I made my crochet ring - in chunky yarn - to fit the shape (about 125-130 chain, or about 30 inches). The flattened circular shape actually matches the flattened effect of the top fastening and handles and I had to take that into account when positioning the handle flaps, for which I made rudimentary leather handles

Materials

Oddments of wool, any shade or ply.

A medium-sized crochet hook.
Corrugated paper or cardboard for base and handles.

Felt or leather for the base.
"Felt was used for the original, but it is scarce now."
("now" being 1944)

Tension

Dependent on the yarn and hook you use.

Size matters

The base of the bag is designed to be about 8½ inches.

Crochet abbreviations:

ch: chain
tr: treble
ss: slip stitch

Remember these are English crochet instructions where dc is equivalent to US single crochet - see "Terminology" in the side bar.

A Word on the Wool

I used some tough carpet wools in combination with any chunky yarns I could find in the right colours. I used a relatively smaller hook than usual for chunky in order to keep the fabric firm - and carpet-like.

I have seen some crochet work for sale at Woolfest using Herdwick wool which I liked a lot. It was similarly firm, making self- supporting small boxes. [I was less keen to try that out myself as I felt it would be quite tough on the hands.]

Disclaimer
(well...almost)

In transposing any pattern it is always a risk that errors will be introduced, in spite of dedicated proof reading.
If you have any problems with this pattern, please and I will try and assist.


Belt3.jpg

So by now I expect you are thinking "...but hey! - what about that extremely snazzy and attractive belt she is wearing? where can I buy that?".
Well - good news! it's not a purchased item at all - it's a one-of-a-kind hand-crafted item you can make yourself! Here's how:

Instructions.

Again the materials are designed to be "make do and mend" oddments of old pulled-back knitting wool in any ply and any shade, worked with a medium-sized crochet hook.
You also need a piece of (faux or real) leather, felt or suitable material for the backing.

Each circle is made separately:
First collect together your most disreputable ends of wool and join them, a few strands at a time, to make the foundation over which the circles are crocheted.

Now make 6 chain and join into a circle closely.
1st round: Work 12 dc into ring, working over the foundation of the old wool.
2nd and 3rd rounds: 2 dc into 1 dc all round.
Pull this foundation from time to time to see that the circle keeps its proper shape and is flat.

Break foundation and working wool and finish off neatly.
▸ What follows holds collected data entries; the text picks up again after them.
Lemma ler_hnorm_sum (I : Type) (r : seq I) (P : pred I) (F : I -> H) :
  hnorm (\sum_(i <- r | P i) F i) <= \sum_(i <- r | P i) hnorm (F i).
Proof.
elim/big_rec2: _ => [|i a b _ h]; first by rewrite hnorm0.
exact: le_trans (ler_hnormD _ _) (lerD (lexx _) h).
Qed.

Lemma frame_orth_eq0 (u : nat -> H) x :
  frame ip u -> (forall j, ip x (u j) = 0) -> x = 0.
Proof.
move=> [a [B [a_gt0 [_ hF]]]] xu0; apply: hnorm_eq0.
have /andP[+ _] := hF x; rewrite (_ : (\sum_(j <oo) _)%E = 0%E); last first.
  by rewrite eseries0 // => j _ _; rewrite xu0 ComplexField.Normc.normc0 expr0n.
rewrite lee_fin pmulr_rle0 // => x_le0.
by apply/eqP; rewrite -sqrf_eq0 eq_le x_le0 sqr_ge0.
Qed.

End InnerProduct.

Section OrthonormalSystem.
Variables (R : realType) (H : lmodType R[i]) (ip : H -> H -> R[i]).
Hypothesis hH : hilbert ip.
Variable v : nat -> H.
Hypothesis v_orth : Defs.orthonormal ip v.
Hypothesis v_total : forall f, (forall j, ip f (v j) = 0) -> f = 0.
Local Notation normc := (@ComplexField.Normc.normc R).
Local Notation hnorm := (hnorm ip).
Implicit Types (f : H) (r : seq nat) (P : pred nat) (a : nat -> R[i]).

Lemma ip_orth_comb r P a j : uniq r ->
  ip (\sum_(i <- r | P i) a i *: v i) (v j) = if (j \in r) && P j then a j else 0.
Proof.
move=> r_uniq; rewrite (ip_suml hH) big_mkcond /=.
under eq_bigr => i _ do rewrite (ipZl hH) v_orth.
case jr: (j \in r) => /=.
  rewrite (bigD1_seq j) //= eqxx mulr1 big1 ?addr0 // => i /negPf ij.
  by rewrite ij mulr0 if_same.
rewrite big1_seq // => i /andP[_ ir]; have -> : (i == j) = false.
  by apply: contraTF ir => /eqP ->; rewrite jr.
by rewrite mulr0 if_same.
Qed.

Lemma pythagoras r P a : uniq r ->
  hnorm (\sum_(i <- r | P i) a i *: v i) ^+ 2 = \sum_(i <- r | P i) normc (a i) ^+ 2.
Proof.
move=> r_uniq; have := ip_self hH (\sum_(i <- r | P i) a i *: v i).
rewrite (ip_suml hH) big_seq_cond => /esym.
under eq_bigr => i /andP[ir Pi] do
  rewrite (ipZl hH) (ipC hH) ip_orth_comb // ir Pi -sqr_normcC.
by rewrite -big_seq_cond -rmorph_sum => -[].
Qed.

Lemma hnorm_v j : hnorm (v j) = 1.
Proof. by rewrite /Defs.hnorm v_orth eqxx sqrtr1. Qed.

Definition fourier_sum f n := \sum_(0 <= j < n) ip f (v j) *: v j.
Definition bessel_sum f n := \sum_(0 <= j < n) normc (ip f (v j)) ^+ 2.

Lemma bessel_sum_ge0 f n : 0 <= bessel_sum f n.
Proof. by apply: sumr_ge0 => j _; rewrite sqr_ge0. Qed.

Lemma bessel_sum_homo f : {homo bessel_sum f : m n / (m <= n)%N >-> m <= n}.
Proof.
move=> m n mn; rewrite /bessel_sum (big_cat_nat (leq0n m) mn) /= lerDl.
by apply: sumr_ge0 => j _; rewrite sqr_ge0.
Qed.

Lemma bessel_identity f n :
  hnorm (f - fourier_sum f n) ^+ 2 = hnorm f ^+ 2 - bessel_sum f n.
Proof.
have ip_f_sum : ip f (fourier_sum f n) = (bessel_sum f n)%:C%C.
  rewrite (ip_sumr hH) rmorph_sum; apply: eq_bigr => j _.
  by rewrite /= (ipZr hH) sqr_normcC mulrC.
have ip_sum_sum : ip (fourier_sum f n) (fourier_sum f n) = (bessel_sum f n)%:C%C.
  by rewrite (ip_self hH) pythagoras ?iota_uniq.
have : ip (f - fourier_sum f n) (f - fourier_sum f n) =
    (hnorm f ^+ 2 - bessel_sum f n)%:C%C.
  rewrite (ipBl hH) !(ipBr hH) ip_f_sum ip_sum_sum (ipC hH (fourier_sum f n)).
  by rewrite ip_f_sum conjc_real (ip_self hH f) rmorphB; ring.
by rewrite (ip_self hH) => -[].
Qed.

Lemma bessel_sum_le f n : bessel_sum f n <= hnorm f ^+ 2.
Proof. by rewrite -subr_ge0 -bessel_identity sqr_ge0. Qed.

Lemma fourier_sum_sub f m n : (n <= m)%N ->
  hnorm (fourier_sum f m - fourier_sum f n) ^+ 2 = bessel_sum f m - bessel_sum f n.
Proof.
have addKl (V : zmodType) (a b : V) : a + b - a = b by rewrite addrC addKr.
move=> nm; rewrite /fourier_sum /bessel_sum !(big_cat_nat (leq0n n) nm) /= !addKl.
by rewrite pythagoras // iota_uniq.
Qed.

(* The Bessel sums increase to their supremum, and the squared distances
   between Fourier sums are differences of Bessel sums. *)
Lemma fourier_sum_cauchy f e : 0 < e -> exists M, forall m n,
  (M <= m)%N -> (M <= n)%N -> hnorm (fourier_sum f m - fourier_sum f n) < e.
Proof.
move=> e_gt0; pose E := range (bessel_sum f).
have E_sup : has_sup E.
  split; first by exists (bessel_sum f 0), 0.
  by exists (hnorm f ^+ 2) => _ [n _ <-]; apply: bessel_sum_le.
have [_ [M _ <-] hM] := sup_adherent (mulr_gt0 e_gt0 e_gt0) E_sup.
exists M => m n Mm Mn; wlog nm : m n Mm Mn / (n <= m)%N.
  move=> W; have [nm|mn] := leqP n m; first exact: W.
  by rewrite (hdistC hH); apply: W => //; apply: ltnW.
rewrite -(@ltr_pXn2r _ 2) //= ?nnegrE ?hnorm_ge0 ?(ltW e_gt0) // fourier_sum_sub //.
have := sup_upper_bound E_sup (ex_intro2 _ _ m I erefl : E (bessel_sum f m)).
have := bessel_sum_homo f Mn; rewrite expr2; lra.
Qed.

Lemma fourier_sum_cvg f e : 0 < e ->
  exists M, forall n, (M <= n)%N -> hnorm (f - fourier_sum f n) ^+ 2 < e.
Proof.
move=> e_gt0; have [l hl] := ip_complete hH (fourier_sum_cauchy f).
have fl : f = l.
  apply/eqP; rewrite -subr_eq0; apply/eqP/v_total => j.
  apply: ComplexField.Normc.eq0_normc; apply/eqP; rewrite eq_le normc_ge0 andbT.
  apply/ler_addgt0Pr => d d_gt0; rewrite add0r; have [M hM] := hl d d_gt0.
  pose n := maxn M j.+1; have := hM n (leq_maxl _ _).
  have -> : f - l = (f - fourier_sum f n) + (fourier_sum f n - l) by rewrite addrA subrK.
  rewrite (ip_addl hH) (ipBl hH) {1}/fourier_sum ip_orth_comb ?iota_uniq //.
  rewrite mem_iota /= add0n subn0 andbT (leq_trans (ltnSn j) (leq_maxr _ _)) subrr add0r.
  move=> /ltW; apply: le_trans.
  by apply: le_trans (cauchy_schwarz hH _ _) _; rewrite hnorm_v mulr1.
have /hl[M hM] : 0 < Num.sqrt e by rewrite sqrtr_gt0.
exists M => n /hM h.
rewrite -(sqr_sqrtr (ltW e_gt0)) ltr_pXn2r ?nnegrE ?hnorm_ge0 ?sqrtr_ge0 //.
by rewrite {1}fl (hdistC hH).
Qed.

Lemma parseval f : (bessel_sum f n @[n --> \oo] --> hnorm f ^+ 2)%classic.
Proof.
apply/cvgrPdist_lt => e e_gt0; have [M hM] := fourier_sum_cvg f e_gt0.
exists M => // n /hM; rewrite bessel_identity ger0_norm // subr_ge0.
exact: bessel_sum_le.
Qed.

End OrthonormalSystem.

Section ModifiedBasis.
Variables (R : realType) (H : lmodType R[i]) (ip : H -> H -> R[i]).
Hypothesis hH : hilbert ip.
Variable v : nat -> H.
Hypothesis v_orth : Defs.orthonormal ip v.
Hypothesis v_total : forall f, (forall j, ip f (v j) = 0) -> f = 0.
Variables (N : nat) (p : H -> H) (w : nat -> H).
Hypothesis hp : is_orth_proj ip (spanN v N) p.
Hypothesis w_unit : forall j, hnorm ip (w j) = 1.
Local Notation normc := (@ComplexField.Normc.normc R).
Local Notation hnorm := (hnorm ip).
Local Notation b := (BN N v w).
Implicit Types (f g x y : H) (d : 'I_N -> R[i]) (J : seq nat) (a : nat -> R[i]).

Lemma ip_spanN_comb d (i : 'I_N) : ip (\sum_(k < N) d k *: v k) (v i) = d i.
Proof.
rewrite (ip_suml hH) (bigD1 i) //= (ipZl hH) v_orth eqxx mulr1 big1 ?addr0 //.
by move=> k /negPf ki; rewrite (ipZl hH) v_orth -[(k : nat) == i]/(k == i) ki mulr0.
Qed.

Lemma ip_spanN_comb_out d j : (N <= j)%N -> ip (\sum_(k < N) d k *: v k) (v j) = 0.
Proof.
move=> Nj; rewrite (ip_suml hH) big1 // => k _; rewrite (ipZl hH) v_orth.
by rewrite ltn_eqF ?mulr0 // (leq_trans (ltn_ord k) Nj).
Qed.

Lemma spanN_comb_eq0 d : \sum_(k < N) d k *: v k = 0 -> forall k, d k = 0.
Proof. by move=> d0 k; rewrite -ip_spanN_comb d0 (ip0l hH). Qed.

Lemma spanN_coordE x : spanN v N x -> x = \sum_(i < N) ip x (v i) *: v i.
Proof. by move=> [d ->]; apply: eq_bigr => i _; rewrite ip_spanN_comb. Qed.

Lemma spanN_v (i : 'I_N) : spanN v N (v i).
Proof.
exists (fun k => (k == i)%:R); rewrite (bigD1 i) //= eqxx scale1r big1 ?addr0 //.
by move=> k /negPf ->; rewrite scale0r.
Qed.

Lemma ip_proj_v f (i : 'I_N) : ip (p f) (v i) = ip f (v i).
Proof.
by apply/eqP; rewrite eq_sym -subr_eq0 -(ipBl hH) (hp f).2 //; apply: spanN_v.
Qed.

Lemma projE f : p f = fourier_sum ip v f N.
Proof.
rewrite (spanN_coordE (hp f).1) /fourier_sum big_mkord.
by apply: eq_bigr => i _; rewrite ip_proj_v.
Qed.

Lemma ip_proj_sym f g : ip f (p g) = ip (p f) g.
Proof.
have ip_pp h k : ip (h - p h) (p k) = 0 := (hp h).2 _ (hp k).1.
have /eqP := ip_pp f g; rewrite (ipBl hH) subr_eq0 => /eqP ->.
have /eqP := ip_pp g f; rewrite (ipBl hH) subr_eq0 (ipC hH g) (ipC hH (p g)).
by move=> /eqP/(congr1 conjc); rewrite !conjcK.
Qed.

(* Row [k] holds the coordinates of [p (w k)] along [v_0, ..., v_(N-1)]. *)
Definition proj_coord_mx : 'M[R[i]]_N := \matrix_(k, i) ip (w k) (v i).
Local Notation A := proj_coord_mx.

Lemma comb_proj_w (c : 'I_N -> R[i]) :
  \sum_(k < N) c k *: p (w k) = \sum_(i < N) (\row_k c k *m A) 0 i *: v i.
Proof.
under eq_bigr => k _ do rewrite (spanN_coordE (hp (w k)).1) scaler_sumr.
rewrite exchange_big /=; apply: eq_bigr => i _; rewrite !mxE scaler_suml.
by apply: eq_bigr => k _; rewrite scalerA !mxE ip_proj_v.
Qed.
[Editor's note: The intention here is to achieve a fairly solid roundel by working your stitches over a core of old yarn - as you might do in stumpwork embroidery or making a corded buttonhole. Obviously you can do as many rounds as you like to achieve the appropriate size.]

Arrange the 15 circles for front of belt as shown in photograph, and stitch to foundation material cut to shape.
Work 4 crosses in the centre spaces.
Six circles are used to belt round the back, and these are stitched to separate circles of foundation material and then stitched together so that they overlap. J
Join another 6 for the second side, then make a hook-and-eye fastening at the back.